* Work to complete
In the data below, find every line with the word "GeometricDomination" and copy it.

* Records for this exercise

(* Pascal-type identity [M, L] (b^(M-L) - 1) = [M-1, L] (b^M - 1); it relates
   the first Gaussian binomial [d-h, d-j] of T_h to [d-h-1, d-j] in T_(h+1). *)
Lemma gauss_shift M L : (L < M)%N ->
  gauss b M L * (b ^+ (M - L) - 1) = gauss b M.-1 L * (b ^+ M - 1).
Proof.
elim: L => [|L IH] LM; first by rewrite !gauss0 subn0.
rewrite (gaussS M) 1?(gaussS M.-1); try lia.
have -> : (M.-1 - L = M - L.+1)%N by lia.
transitivity (gauss b M L * (b ^+ (M - L) - 1) * ((b ^+ (M - L.+1) - 1) / (b ^+ L.+1 - 1))).
  by ring.
by rewrite IH; [ring | lia].
Qed.

(* The defining recursion with the denominator cleared; it relates the second
   Gaussian binomial [d-i, h] of T_h to [d-i, h+1] in T_(h+1). *)
Lemma gaussS_mul m l : (l < m)%N -> b ^+ l.+1 - 1 != 0 ->
  gauss b m l.+1 * (b ^+ l.+1 - 1) = gauss b m l * (b ^+ (m - l) - 1).
Proof. by move=> lm nz; rewrite gaussS //; field. Qed.

End GaussianBinomial.

Section GeometricDomination.
Variables (R : realFieldType) (u : nat -> R).
Hypothesis u_ge0 : forall h, 0 <= u h.

Lemma geometric_tail n (r c : R) : 0 <= c -> (1 + c) * r <= c ->
  (forall h, (h < n)%N -> u h <= r * u h.+1) ->
  \sum_(0 <= h < n) u h <= c * u n.
Proof.
move=> c0 crc; elim: n => [|n IH] step; first by rewrite big_geq // mulr_ge0.
rewrite big_nat_recr //=.
have IHn := IH (fun h hn => step h (ltnW hn)).
have un := step n (ltnSn n); have := u_ge0 n; have := u_ge0 n.+1.
by nra.
Qed.

Lemma sum_before_last n (r1 r2 r3 c : R) : 0 <= r2 -> 0 <= c -> (1 + c) * r3 <= c ->
  u n.+1 <= r1 * u n.+2 -> u n <= r2 * u n.+1 ->
  (forall h, (h < n)%N -> u h <= r3 * u h.+1) ->
  \sum_(0 <= h < n.+2) u h <= r1 * (1 + r2 * (1 + c)) * u n.+2.
Proof.
move=> r20 c0 crc last1 last2 step.
have tail := @geometric_tail n r3 c c0 crc step.
rewrite !big_nat_recr //=.
have mid : \sum_(0 <= h < n) u h + u n + u n.+1 <= (1 + r2 * (1 + c)) * u n.+1.
  have : (1 + c) * u n <= (1 + c) * (r2 * u n.+1) by apply: ler_wpM2l => //; lra.
  have -> : (1 + r2 * (1 + c)) * u n.+1 = u n.+1 + (1 + c) * (r2 * u n.+1) by ring.
  lra.
apply: (le_trans mid).
rewrite (_ : r1 * _ * u n.+2 = (1 + r2 * (1 + c)) * (r1 * u n.+2)); last by ring.
by apply: ler_wpM2l => //; nra.
Qed.

End GeometricDomination.

Lemma dominant_term {R : realFieldType} {Q T eps : R} :
  `|Q - T| <= eps * `|T| -> eps < 1 ->
  (1 - eps) * `|T| <= `|Q| /\ `|Q| <= (1 + eps) * `|T| /\ Num.sg Q = Num.sg T.
Proof.
move=> dev e1.
have lower : `|T| - `|Q - T| <= `|Q|.
  by have := ler_normB Q (Q - T); rewrite opprB addrC subrK; lra.
have upper : `|Q| <= `|T| + `|Q - T|.
  by have := ler_normD T (Q - T); rewrite addrC subrK.
split; first lra; split; first lra.
have pos : 0 < 1 - eps by lra.
have dTQ : T - Q <= eps * `|T| by rewrite (distrC Q) in dev; apply: le_trans (ler_norm _) dev.
have dQT : Q - T <= eps * `|T| by apply: le_trans (ler_norm _) dev.
case: (ltrgt0P T) => [Tp|Tn|T0].
- rewrite gtr0_norm // in dTQ; have TP := mulr_gt0 pos Tp.
  by rewrite !gtr0_sg //; lra.
- rewrite ltr0_norm // in dQT; have TN : (1 - eps) * T < 0 by rewrite pmulr_rlt0.
  by rewrite !ltr0_sg //; lra.
- rewrite T0 normr0 mulr0 subr0 in dev.
  have Q0 : Q = 0 by apply/normr0_eq0/le_anti; rewrite dev normr_ge0.
  by rewrite Q0 T0.
Qed.

Definition bfac (q n : nat) : rat := `|(- (q%:R : rat)) ^+ n - 1|.

Section Estimates.
Variable q : nat.
Hypothesis q2 : (2 <= q)%N.
Local Notation Q := (q%:R : rat).

Lemma Q_ge2 : 2 <= Q.
Proof. by rewrite (ler_nat _ 2 q). Qed.

Lemma Qpow_gt0 n : 0 < Q ^+ n.
Proof. by rewrite exprn_gt0 // (lt_le_trans _ Q_ge2). Qed.

Lemma Qpow_ge2pow n : 2 ^+ n <= Q ^+ n.
Proof. by rewrite lerXn2r ?nnegrE ?ler0n ?Q_ge2. Qed.

Lemma Qpow_ge_Qpow {k n} : (k <= n)%N -> Q ^+ k <= Q ^+ n.
Proof. by move=> kn; rewrite ler_weXn2l // ler1n ltnW. Qed.

(* b^n <> 1 for n > 0, so Gaussian binomials in b are well defined. *)
Lemma bfac_neq0 {n} : (0 < n)%N -> (- Q) ^+ n - 1 != 0.
Proof.
move=> n0; rewrite subr_eq0; apply/eqP=> E.
have : `|(- Q) ^+ n| = 1 by rewrite E normr1.
rewrite normrX normrN ger0_norm ?ler0n // => Q1.
have := Qpow_ge2pow n; have : 2 <= (2 : rat) ^+ n by rewrite -[X in X <= _]expr1 ler_weXn2l.
rewrite Q1; lra.
Qed.

Lemma bfac_odd n : odd n -> bfac q n = Q ^+ n + 1.
Proof.
move=> on; rewrite /bfac exprNn -signr_odd on expr1 mulN1r -opprD normrN.
by rewrite ger0_norm // addr_ge0 ?ltW ?Qpow_gt0.
Qed.

Lemma bfac_even n : ~~ odd n -> bfac q n = Q ^+ n - 1.
Proof.
move=> en; rewrite /bfac exprNn -signr_odd (negbTE en) expr0 mul1r.
by rewrite ger0_norm // subr_ge0 exprn_ege1 // ler1n ltnW.
Qed.

Lemma bfac1 : bfac q 1 = Q + 1.
Proof. by rewrite bfac_odd ?expr1. Qed.

Lemma bfac2 : bfac q 2 = Q ^+ 2 - 1.
Proof. exact: bfac_even. Qed.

* Exercise solution
Section GeometricDomination.
End GeometricDomination.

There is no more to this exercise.